[TASK REQUIREMENTS] All lines of the entries with "subrr" in them must be listed.

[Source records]
Lemma phase_slope_div u w du dw h :
  phase_slope (u / h) (w / h) du dw = h * phase_slope u w du dw.
Proof.
rewrite /phase_slope; have [->|h0] := eqVneq h 0.
  by rewrite invr0 !mulr0 !mul0r subrr mul0r.
have [/eqP|uw0] := eqVneq (u ^+ 2 + w ^+ 2) 0.
  by rewrite sqrD_eq0 => /andP[/eqP -> /eqP ->]; rewrite !(mul0r, subrr, mulr0).
by rewrite !expr_div_n -mulrDl; field; rewrite uw0.
Qed.

Lemma cvg_phase_slope {T} {F : set_system T} {FF : Filter F}
    (u w du dw : T -> R) u0 w0 du0 dw0 :
  u0 ^+ 2 + w0 ^+ 2 != 0 ->
  u t @[t --> F] --> u0 -> w t @[t --> F] --> w0 ->
  du t @[t --> F] --> du0 -> dw t @[t --> F] --> dw0 ->
  phase_slope (u t) (w t) (du t) (dw t) @[t --> F] --> phase_slope u0 w0 du0 dw0.
Proof.
move=> uw0 uu ww duu dww; apply: cvgM; first exact: cvgB (cvgM uu dww) (cvgM ww duu).
by apply: cvgV => //; rewrite !expr2; apply: cvgD; exact: cvgM.
Qed.

End phase_slope.

Section partial_derivatives.
Context {R : realType}.
Implicit Types (F : R * R -> R) (k : nat) (p : R * R) (x y : R).

Lemma continuous_partial_x F y : continuous F -> continuous (fun x => F (x, y)).
Proof.
move=> cF x; apply: (@continuous2_cvg _ _ _ _ _ _ _ _ (fun a b => F (a, b))).
- have -> : (fun z : R * R => F (z.1, z.2)) = F by apply: funext => -[].
  exact: cF.
- exact: cvg_id.
- exact: cvg_cst.
Qed.

Lemma continuous_partial_w F x : continuous F -> continuous (fun y => F (x, y)).
Proof.
move=> cF y; apply: (@continuous2_cvg _ _ _ _ _ _ _ _ (fun a b => F (a, b))).
- have -> : (fun z : R * R => F (z.1, z.2)) = F by apply: funext => -[].
  exact: cF.
- exact: cvg_cst.
- exact: cvg_id.
Qed.

Lemma Ck_continuous k F : Ck k F -> continuous F.
Proof. by case: k => [|k] // []. Qed.
Lemma noetherian_maximal_element (P : (R -> Prop) -> Prop) I :
  noetherian_ring R -> (forall J, P J -> ideal J) -> P I ->
  exists J, [/\ P J, forall x, I x -> J x &
    forall J', P J' -> (forall x, J x -> J' x) -> forall x, J' x -> J x].
Proof.
move=> noethR Pideal PI; apply: contrapT => no_max.
pose T := {J | P J /\ forall x, I x -> J x}.
have grow (J : T) : exists J' : T,
    (forall x, sval J x -> sval J' x) /\ exists x, sval J' x /\ ~ sval J x.
  case: J => J [PJ IJ] /=; apply: contrapT => J_max; apply: no_max.
  exists J; split=> // J' PJ' JJ' x J'x; apply: contrapT => Jx; apply: J_max.
  have IJ' x' : I x' -> J' x' by move=> /IJ /JJ'.
  by exists (exist _ J' (conj PJ' IJ')); split=> //; exists x.
have [next nextP] := choice grow.
pose I0 : T := exist _ I (conj PI (fun _ Ix => Ix)).
pose chain n := sval (iter n next I0).
have chain_ideal n : ideal (chain n).
  by apply: Pideal; rewrite /chain; case: (iter n next I0) => J [].
have chain_incr n x : chain n x -> chain n.+1 x.
  by case: (nextP (iter n next I0)) => chain_sub _; apply: chain_sub.
have [N stable] := noethR chain chain_ideal chain_incr.
have [_ [x [next_x chain_x]]] := nextP (iter N next I0).
by apply/chain_x/(stable N.+1 (leqnSn N)).
Qed.

Lemma local_proper_ideal_sub {m : R -> Prop} {I} :
  local_ring m -> noetherian_ring R -> ideal I -> ~ I 1 -> forall x, I x -> m x.
Proof.
move=> [_ m_unique] noethR idI I1.
have [J [[idJ J1] IJ J_max]] := noetherian_maximal_element
  (fun J => ideal J /\ ~ J 1) I noethR (fun J => @proj1 _ _) (conj idI I1).
have maxJ : maximal_ideal J.
  by split=> // J' idJ' JJ' J'1; apply: J_max.
by move=> x /IJ /(m_unique J maxJ x).1.
Qed.

End MaximalIdeals.

Definition cogenerator {R : comNzRingType} (E : lmodType R) : Prop :=
  forall (M : lmodType R) (K : M -> Prop), submod K -> forall z, ~ K z ->
    exists f : M -> E, [/\ lin f, forall k, K k -> f k = 0 & f z <> 0].
(* With the matrices defined in the context, $B\,Q_\beta=V_\beta\,B$; i.e. the diagram $C_1\xrightarrow{B}C_0$, $Q_\beta:C_1\to C_1$, $V_\beta:C_0\to C_0$, $C_1\xrightarrow{B}C_0$ commutes.
   Context: Setting. $I\subset\mathbb{R}$ compact interval; $f_i(x)=\rho_ix+\varrho_i$ ($i=1,\dots,n$), $0<|\rho_i|<1$, IFS with open set condition; $I$ is the union of a nonempty open interval $I_h$ (hole) and $f_1(I),\dots,f_n(I)$, with pairwise disjoint interiors and $I_h$ disjoint from the $f_i(I)$; $F(x)=f_i^{-1}(x)$ on $f_i(I)$. The laps and hole have endpoints $a_1<\dots<a_{n+2}$, hole $(a_h,a_{h+1})$; interior endpoints are turning/discontinuity points. Assume the forward orbit of every one-sided endpoint $a_i^\pm$ is finite. Markov partition: the orbit points and the $a_i$ cut $I$ into intervals $J_1,\dots,J_m$; $A=[a_{ij}]$, $a_{ij}=1$ iff $F(\mathrm{int}J_j)\supseteq\mathrm{int}J_i$; $Q_\beta=[a_{ij}|F'|_{J_j}|^{-\beta}]$, $\beta\in\mathbb{R}$. Points $y^{(1)},\dots,y^{(q)}$: the one-sided endpoints $a_1^+,a_2^-,a_2^+,\dots,a_{n+2}^-$ (with $a_i^-,a_i^+$ consecutive) together with all other points of their forward orbits, ordered along $I$; $C_0=\mathbb{R}^q$ with $y^{(i)}$ the $i$-th standard basis vector, $C_1=\mathbb{R}^m$ with basis $J_1,\dots,J_m$. $B$ is the $q\times m$ matrix with, in column $j$, $-1$ in row $i$ and $+1$ in row $i+1$ where $y^{(i)},y^{(i+1)}$ are the lower and upper endpoints of $J_j$ (border map $\partial J_j=y^{(i+1)}-y^{(i)}$), other entries $0$. $V_\beta=[v_{ij}]$ ($q\times q$): if $F(y^{(j)})=y^{(i)}$, $v_{ij}=\varepsilon(y^{(j)})|F'(y^{(j)})|^{-\beta}$ with $\varepsilon$ the sign of $F'$ at $y^{(j)}$ (column zero for limits from inside the hole); for every pair of consecutive entries that are the two one-sided versions of a turning/discontinuity point between $y^{(j)}$ and $y^{(i)}$: if $y^{(i)}>y^{(j)}$, pair $y^{(k)},y^{(k+1)}$, $j\le k<i$, set $v_{kj}=v_{ij}$, $v_{k+1,j}=-v_{ij}$; if $y^{(i)}<y^{(j)}$, pair $y^{(k-1)},y^{(k)}$, $i<k\le j$, set $v_{k-1,j}=-v_{ij}$, $v_{kj}=v_{ij}$; all other entries $0$. *)

From HB Require Import structures.
From mathcomp Require Import all_boot all_order all_algebra.
From mathcomp Require Import all_classical all_reals all_analysis.
Set Implicit Arguments. Unset Strict Implicit. Unset Printing Implicit Defensive.
Import Order.TTheory GRing.Theory Num.Theory numFieldNormedType.Exports.
Local Open Scope ring_scope.
Local Open Scope classical_set_scope.

Section HoleIFS.
Variable R : realType.
Variable n : nat.
(* IFS f_i(x) = rho_i x + varrho_i, i : 'I_n (0-based);  I = [c,d];
   hole I_h = (hl,hr). *)
Variables (rho varrho : 'I_n -> R) (c d hl hr : R).

(* one-sided points: (x,false) = x^-  (limit from the left),
                     (x,true)  = x^+  (limit from the right) *)
Definition pt := (R * bool)%type.

Definition fi (i : 'I_n) (x : R) : R := rho i * x + varrho i.
Definition Finv (i : 'I_n) (x : R) : R := (x - varrho i) / rho i.

Definition Iset : set R := [set x | c <= x <= d].
Definition hole : set R := [set x | hl < x < hr].
Definition lap (i : 'I_n) : set R := fi i @` Iset.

[WRITTEN RESPONSE]
  by rewrite invr0 !mulr0 !mul0r subrr mul0r.
  by rewrite sqrD_eq0 => /andP[/eqP -> /eqP ->]; rewrite !(mul0r, subrr, mulr0).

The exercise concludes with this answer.